Below are lines of data, and only some are wanted. Please repeat exactly those from the line that has "[/\ (forall (r" through the line that has "[set a | L a <= 1]].".
▶
(* Let $A$ be an order-unit space with order unit $1$, and let $L$ be a seminorm on $A$ (taking finite values) such that $L(1)=0$. Set $\mathcal B_1=\{a\in A: L(a)\le 1\}$, and let $\tilde A=A/\mathbb R 1$ with its quotient norm $\|\cdot\|^{\sim}$. Then: (a) $\rho_L$ gives $S(A)$ finite diameter if and only if the image of $\mathcal B_1$ in $\tilde A$ is bounded for $\|\cdot\|^{\sim}$; (b) the topology on $S(A)$ determined by $\rho_L$ coincides with the weak-$*$ topology if and only if the image of $\mathcal B_1$ in $\tilde A$ is totally bounded for $\|\cdot\|^{\sim}$.
   Context: An order-unit space may be taken concretely as a real linear space of self-adjoint bounded operators on a Hilbert space containing the identity operator $1$ (the order unit), with the usual operator ordering and operator norm (it need not be complete). Its state space $S(A)$ is the set of positive linear functionals $\mu$ on $A$ with $\mu(1)=1$, with the weak-$*$ topology. For a seminorm $L$ on $A$, the (possibly $+\infty$-valued) metric $\rho_L$ on $S(A)$ is $\rho_L(\mu,\nu)=\sup\{|\mu(a)-\nu(a)|: a\in A,\ L(a)\le 1\}$. *)

From HB Require Import structures.
From mathcomp Require Import all_boot all_order all_algebra.
From mathcomp Require Import boolp classical_sets reals constructive_ereal ereal.
Set Implicit Arguments. Unset Strict Implicit. Unset Printing Implicit Defensive.
Import Order.TTheory GRing.Theory Num.Theory.
Local Open Scope classical_set_scope.
Local Open Scope ring_scope.

Section OUS.
Variables (R : realType) (V : lmodType R).

Definition ous_le (pos : set V) (x y : V) : Prop := pos (y - x).

Definition is_order_unit_space (pos : set V) (e : V) : Prop :=
  [/\ (forall x y, pos x -> pos y -> pos (x + y)),
      (forall (r : R) x, 0 <= r -> pos x -> pos (r *: x)),
      (forall x, pos x -> pos (- x) -> x = 0),
      (forall x, exists r : R, 0 < r /\ ous_le pos (- (r *: e)) x /\ ous_le pos x (r *: e)) &
      (forall x, (forall r : R, 0 < r -> pos (r *: e + x)) -> pos x)].

Definition ous_norm (pos : set V) (e : V) (x : V) : R :=
  inf [set r : R | 0 <= r /\ ous_le pos (- (r *: e)) x /\ ous_le pos x (r *: e)].

Definition quot_norm (pos : set V) (e : V) (a : V) : R :=
  inf [set ous_norm pos e (a - t *: e) | t in [set: R]].

Definition is_state (pos : set V) (e : V) (mu : V -> R) : Prop :=
  [/\ (forall (r : R) x y, mu (r *: x + y) = r * mu x + mu y),
      (forall x, pos x -> 0 <= mu x) &
      mu e = 1].

Definition is_seminorm (L : V -> R) : Prop :=
  (forall x y, L (x + y) <= L x + L y) /\ (forall (r : R) x, L (r *: x) = `|r| * L x).

Definition rhoL (L : V -> R) (mu nu : V -> R) : \bar R :=
  ereal_sup [set (`|mu a - nu a|)%:E | a in [set a | L a <= 1]].

Definition finite_diameter (pos : set V) (e : V) (L : V -> R) : Prop :=
  exists M : R, forall mu nu, is_state pos e mu -> is_state pos e nu ->
    (rhoL L mu nu <= M%:E)%E.

Definition B1_quot_bounded (pos : set V) (e : V) (L : V -> R) : Prop :=
  exists M : R, forall a, L a <= 1 -> quot_norm pos e a <= M.

Definition B1_quot_totally_bounded (pos : set V) (e : V) (L : V -> R) : Prop :=
  forall eps : R, 0 < eps -> exists s : seq V,
    forall a, L a <= 1 -> exists2 b, b \in s & quot_norm pos e (a - b) < eps.

Definition weakstar_open (pos : set V) (e : V) (U : set (V -> R)) : Prop :=
  U `<=` is_state pos e /\
  forall mu, U mu -> exists (s : seq V) (eps : R), 0 < eps /\
    forall nu, is_state pos e nu -> (forall a, a \in s -> `|nu a - mu a| < eps) -> U nu.

Definition rhoL_open (pos : set V) (e : V) (L : V -> R) (U : set (V -> R)) : Prop :=
  U `<=` is_state pos e /\
  forall mu, U mu -> exists eps : R, 0 < eps /\
    forall nu, is_state pos e nu -> (rhoL L mu nu < eps%:E)%E -> U nu.

Definition rhoL_topology_is_weakstar (pos : set V) (e : V) (L : V -> R) : Prop :=
  forall U : set (V -> R), rhoL_open pos e L U <-> weakstar_open pos e U.

End OUS.

From HB Require Import structures.
From mathcomp Require Import all_boot all_order all_algebra.
From mathcomp Require Import all_classical all_reals all_analysis finmap ring lra.
Import Order.TTheory GRing.Theory Num.Theory numFieldTopology.Exports.
Local Open Scope classical_set_scope.
Local Open Scope ring_scope.
Set Implicit Arguments. Unset Strict Implicit. Unset Printing Implicit Defensive.

(* The states are exactly the linear functionals dominated by the sublinear functional
   [x |-> inf {r | x <= r 1}], so by Hahn-Banach every [a] has states [mu, nu] with
   [mu a - nu a >= 2 ||a||~], while [|mu a - nu a| <= 2 ||a||~] for all states.  Hence
   [rho_L(mu, nu)] and [2 sup_{B_1} ||a||~] bound each other, which is (a), and a finite
   [||.||~]-net of [B_1] puts a weak-* neighbourhood inside every [rho_L]-ball, while every
   weak-* neighbourhood contains a [rho_L]-ball since [L] is finite.  Conversely, if the two topologies agree,
   the weak-* compact state space is [rho_L]-totally bounded and [rho_L] is finite; testing
   [B_1] against a finite [rho_L]-net of states gives finitely many bounded real functions on
   [B_1], and a common finite net for them is a [||.||~]-net of [B_1]. *)

Section InfImage.
Variables (R : realType) (T : Type) (D : set T) (f : T -> R).

Lemma inf_img_le (b : R) t :
  (forall s, D s -> b <= f s) -> D t -> inf [set f s | s in D] <= f t.
Proof.
move=> hb Dt; apply: ge_inf; last by exists t.
by exists b => _ [s Ds <-]; exact: hb.
Qed.

Lemma le_inf_img (c : R) :
  (exists t, D t) -> (forall s, D s -> c <= f s) -> c <= inf [set f s | s in D].
Proof.
move=> [t Dt] hc; apply: lb_le_inf; first by exists (f t), t.
by move=> _ [s Ds <-]; exact: hc.
Qed.

End InfImage.

Lemma ler_mem_sum (R : numDomainType) (T : eqType) (F : T -> R) (s : seq T) a :
  (forall x, 0 <= F x) -> a \in s -> F a <= \sum_(x <- s) F x.
Proof.
move=> F0; elim: s => // b s IH; rewrite in_cons big_cons => /orP[/eqP ->|/IH].
  by rewrite lerDl sumr_ge0.
by move/le_trans; apply; rewrite lerDr.
Qed.

(** * Hahn-Banach for sublinear functionals *)

Section HahnBanach.
Variables (R : realType) (V : lmodType R).

Definition sublinear (q : V -> R) :=
  (forall x y, q (x + y) <= q x + q y) /\
  (forall (l : R) x, 0 < l -> q (l *: x) = l * q x).

Definition linear_functional (mu : V -> R) :=
  forall (r : R) x y, mu (r *: x + y) = r * mu x + mu y.

Section LinearFunctional.
Variables (mu : V -> R).
Hypothesis hmu : linear_functional mu.

Lemma lfun0 : mu 0 = 0.
Proof. by have := hmu 1 0 0; rewrite scaler0 addr0 mul1r; lra. Qed.

Lemma lfunD x y : mu (x + y) = mu x + mu y.
Proof. by rewrite -[x]scale1r hmu mul1r scale1r. Qed.

Lemma lfunZ (r : R) x : mu (r *: x) = r * mu x.
Proof. by rewrite -[r *: x]addr0 hmu lfun0 addr0. Qed.

Lemma lfunN x : mu (- x) = - mu x.
Proof. by rewrite -scaleN1r lfunZ mulN1r. Qed.

Lemma lfunB x y : mu (x - y) = mu x - mu y.
Proof. by rewrite lfunD lfunN. Qed.

End LinearFunctional.

Lemma sublinear0 q : sublinear q -> q 0 = 0.
Proof. by move=> [_ hZ]; have := hZ 2 0 (ltr0Sn _ 1); rewrite scaler0; lra. Qed.

Lemma sublinearZ q (t : R) x : sublinear q -> 0 <= t -> q (t *: x) = t * q x.
Proof.
move=> hq; rewrite le_eqVlt => /orP[/eqP <-|]; last exact: hq.2.
by rewrite mul0r scale0r (sublinear0 hq).
Qed.

Lemma sublinearN q x : sublinear q -> - q (- x) <= q x.
Proof. by move=> hq; have := hq.1 x (- x); rewrite subrr (sublinear0 hq); lra. Qed.

(* The one-dimensional step of Hahn-Banach: pushing [q] down along the ray through [x] forces
   [q' (- x) <= - q x], so a minimal sublinear functional is odd, hence linear. *)
Definition sublinear_reduce (q : V -> R) (x y : V) : R :=
  inf [set q (y + t *: x) - t * q x | t in [set t : R | 0 <= t]].

Section Reduce.
Variables (q : V -> R) (x : V).
Hypothesis hq : sublinear q.

Lemma sublinear_reduce_le y t : 0 <= t -> sublinear_reduce q x y <= q (y + t *: x) - t * q x.
Proof.
move=> t0; apply: (inf_img_le (b := - q (- y))) => // s s0.
by have := hq.1 (y + s *: x) (- y); rewrite addrC addKr sublinearZ //; lra.
Qed.

Lemma sublinear_reduce_ge y c :
  (forall t, 0 <= t -> c <= q (y + t *: x) - t * q x) -> c <= sublinear_reduce q x y.
Proof. by move=> h; apply: le_inf_img => //; exists 0 => /=. Qed.

Lemma sublinear_reduce_le_id y : sublinear_reduce q x y <= q y.
Proof. by have := sublinear_reduce_le y (lexx 0); rewrite scale0r addr0 mul0r subr0. Qed.

Lemma sublinear_reduceN : sublinear_reduce q x (- x) <= - q x.
Proof.
by have := sublinear_reduce_le (- x) ler01; rewrite scale1r addNr (sublinear0 hq) mul1r add0r.
Qed.

Lemma sublinear_reduce_sublinear : sublinear (sublinear_reduce q x).
Proof.
split.
- move=> y1 y2; rewrite -lerBlDr; apply: sublinear_reduce_ge => t1 t10.
  rewrite lerBlDr -lerBlDl; apply: sublinear_reduce_ge => t2 t20; rewrite lerBlDl.
  apply: le_trans (sublinear_reduce_le (y1 + y2) (addr_ge0 t10 t20)) _.
  have := hq.1 (y1 + t1 *: x) (y2 + t2 *: x).
  by rewrite addrACA -scalerDl mulrDl; lra.
- move=> l y lp; apply/eqP; rewrite eq_le; apply/andP; split.
  + rewrite -ler_pdivrMl //; apply: sublinear_reduce_ge => t t0; rewrite ler_pdivrMl //.
    apply: le_trans (sublinear_reduce_le (l *: y) (mulr_ge0 (ltW lp) t0)) _.
    by rewrite -scalerA -scalerDr hq.2 // mulrBr mulrA.
  + apply: sublinear_reduce_ge => t t0.
    have := sublinear_reduce_le y (divr_ge0 t0 (ltW lp)); rewrite -(ler_pM2l lp).
    move/le_trans; apply.
    have lt : l * (t / l) = t by rewrite mulrCA divff ?gt_eqF // mulr1.
    by rewrite mulrBr -hq.2 // scalerDr scalerA lt mulrA lt.
Qed.

End Reduce.

Definition minimal_sublinear (q : V -> R) :=
  sublinear q /\ forall p, sublinear p -> (forall x, p x <= q x) -> forall x, q x <= p x.

Lemma minimal_sublinear_linear q : minimal_sublinear q -> linear_functional q.
Proof.
move=> [hq qmin].
have qN x : q (- x) = - q x.
  have le_red := qmin _ (sublinear_reduce_sublinear x hq) (sublinear_reduce_le_id x hq).
  have := le_trans (le_red (- x)) (sublinear_reduceN x hq).
  by have := sublinearN x hq; lra.
have qZ (r : R) y : q (r *: y) = r * q y.
  have [r0|r0] := leP 0 r; first exact: sublinearZ.
  by rewrite -(opprK r) scaleNr qN sublinearZ ?oppr_ge0 ?ltW //; lra.
move=> r y z; apply/eqP; rewrite eq_le; apply/andP; split.
- by rewrite -qZ; exact: hq.1.
- by have := hq.1 (r *: y + z) (- (r *: y)); rewrite addrC addKr qN qZ; lra.
Qed.

Definition pointwise_inf (A : set (V -> R)) (x : V) : R := inf [set q x | q in A].

Section ChainInf.
Variables (q0 : V -> R) (A : set (V -> R)).
Hypothesis A_sub : forall q, A q -> sublinear q /\ forall x, q x <= q0 x.
Hypothesis A_chain : forall p q, A p -> A q -> (forall x, p x <= q x) \/ (forall x, q x <= p x).

Lemma pointwise_inf_le q x : A q -> pointwise_inf A x <= q x.
Proof.
move=> Aq; apply: (inf_img_le (b := - q0 (- x))) => // p /A_sub[hp hpq0].
by apply: le_trans (sublinearN x hp); rewrite lerN2.
Qed.

Lemma chain_inf_sublinear : (exists q, A q) -> sublinear (pointwise_inf A).
Proof.
move=> A0; have inf_ge c x : (forall q, A q -> c <= q x) -> c <= pointwise_inf A x.
  exact: le_inf_img.
split.
- move=> x y; rewrite -lerBlDr; apply: (inf_ge) => q1 Aq1.
  rewrite lerBlDr -lerBlDl; apply: (inf_ge) => q2 Aq2; rewrite lerBlDl.
  have [h12|h21] := A_chain Aq1 Aq2.
  + apply: le_trans (pointwise_inf_le _ Aq1) _; apply: le_trans ((A_sub Aq1).1.1 x y) _.
    by rewrite lerD2l h12.
  + apply: le_trans (pointwise_inf_le _ Aq2) _; apply: le_trans ((A_sub Aq2).1.1 x y) _.
    by rewrite lerD2r h21.
- move=> l x lp; apply/eqP; rewrite eq_le; apply/andP; split.
  + rewrite -ler_pdivrMl //; apply: (inf_ge) => q Aq; rewrite ler_pdivrMl //.
    by apply: le_trans (pointwise_inf_le _ Aq) _; rewrite (A_sub Aq).1.2.
  + apply: (inf_ge) => q Aq; rewrite (A_sub Aq).1.2 // ler_pM2l //.
    exact: pointwise_inf_le.
Qed.

End ChainInf.

Lemma exists_minimal_sublinear q0 : sublinear q0 ->
  exists2 q, minimal_sublinear q & forall x, q x <= q0 x.
Proof.
move=> hq0.
pose T := {q : V -> R | sublinear q /\ forall x, q x <= q0 x}.
pose below (s t : T) := `[< forall x, sval t x <= sval s x >].
have [| | |t tmin] := @ZL_preorder T (exist _ q0 (conj hq0 (fun=> lexx _))) below.
- by move=> s; apply/asboolP.
- by move=> a b c /asboolP hab /asboolP hbc; apply/asboolP => x; exact: le_trans (hbc x) (hab x).
- move=> A Achain.
  have [[s0 As0]|A0] := pselect (exists s, A s); last first.
    by exists (exist _ q0 (conj hq0 (fun=> lexx _))) => s As; exfalso; apply: A0; exists s.
  have sub : forall q, (sval @` A) q -> sublinear q /\ forall x, q x <= q0 x.
    by move=> _ [s _ <-]; exact: (proj2_sig s).
  have chain p q : (sval @` A) p -> (sval @` A) q ->
      (forall x, p x <= q x) \/ (forall x, q x <= p x).
    move=> [sp Asp <-] [sq Asq <-].
    by have [/asboolP|/asboolP] := Achain _ _ Asp Asq; [right|left].
  have mq0 x : pointwise_inf (sval @` A) x <= q0 x.
    exact: le_trans (pointwise_inf_le sub x (imageP _ As0)) ((proj2_sig s0).2 x).
  have msub := chain_inf_sublinear sub chain (ex_intro _ _ (imageP sval As0)).
  exists (exist _ (pointwise_inf (sval @` A)) (conj msub mq0) : T) => s As; apply/asboolP => x /=.
  exact (pointwise_inf_le sub x (imageP sval As)).
- case: t tmin => q [hq hqq] tmin; exists q => //; split => // p hp hpq x.
  have hpq0 y : p y <= q0 y := le_trans (hpq y) (hqq y).
  have /tmin/asboolP : below (exist _ q (conj hq hqq)) (exist _ p (conj hp hpq0)).
    by apply/asboolP.
  exact.
Qed.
◀
**EXERCISE RESPONSE**
  [/\ (forall (r : R) x y, mu (r *: x + y) = r * mu x + mu y),
      (forall x, pos x -> 0 <= mu x) &
      mu e = 1].

Definition is_seminorm (L : V -> R) : Prop :=
  (forall x y, L (x + y) <= L x + L y) /\ (forall (r : R) x, L (r *: x) = `|r| * L x).

Definition rhoL (L : V -> R) (mu nu : V -> R) : \bar R :=
  ereal_sup [set (`|mu a - nu a|)%:E | a in [set a | L a <= 1]].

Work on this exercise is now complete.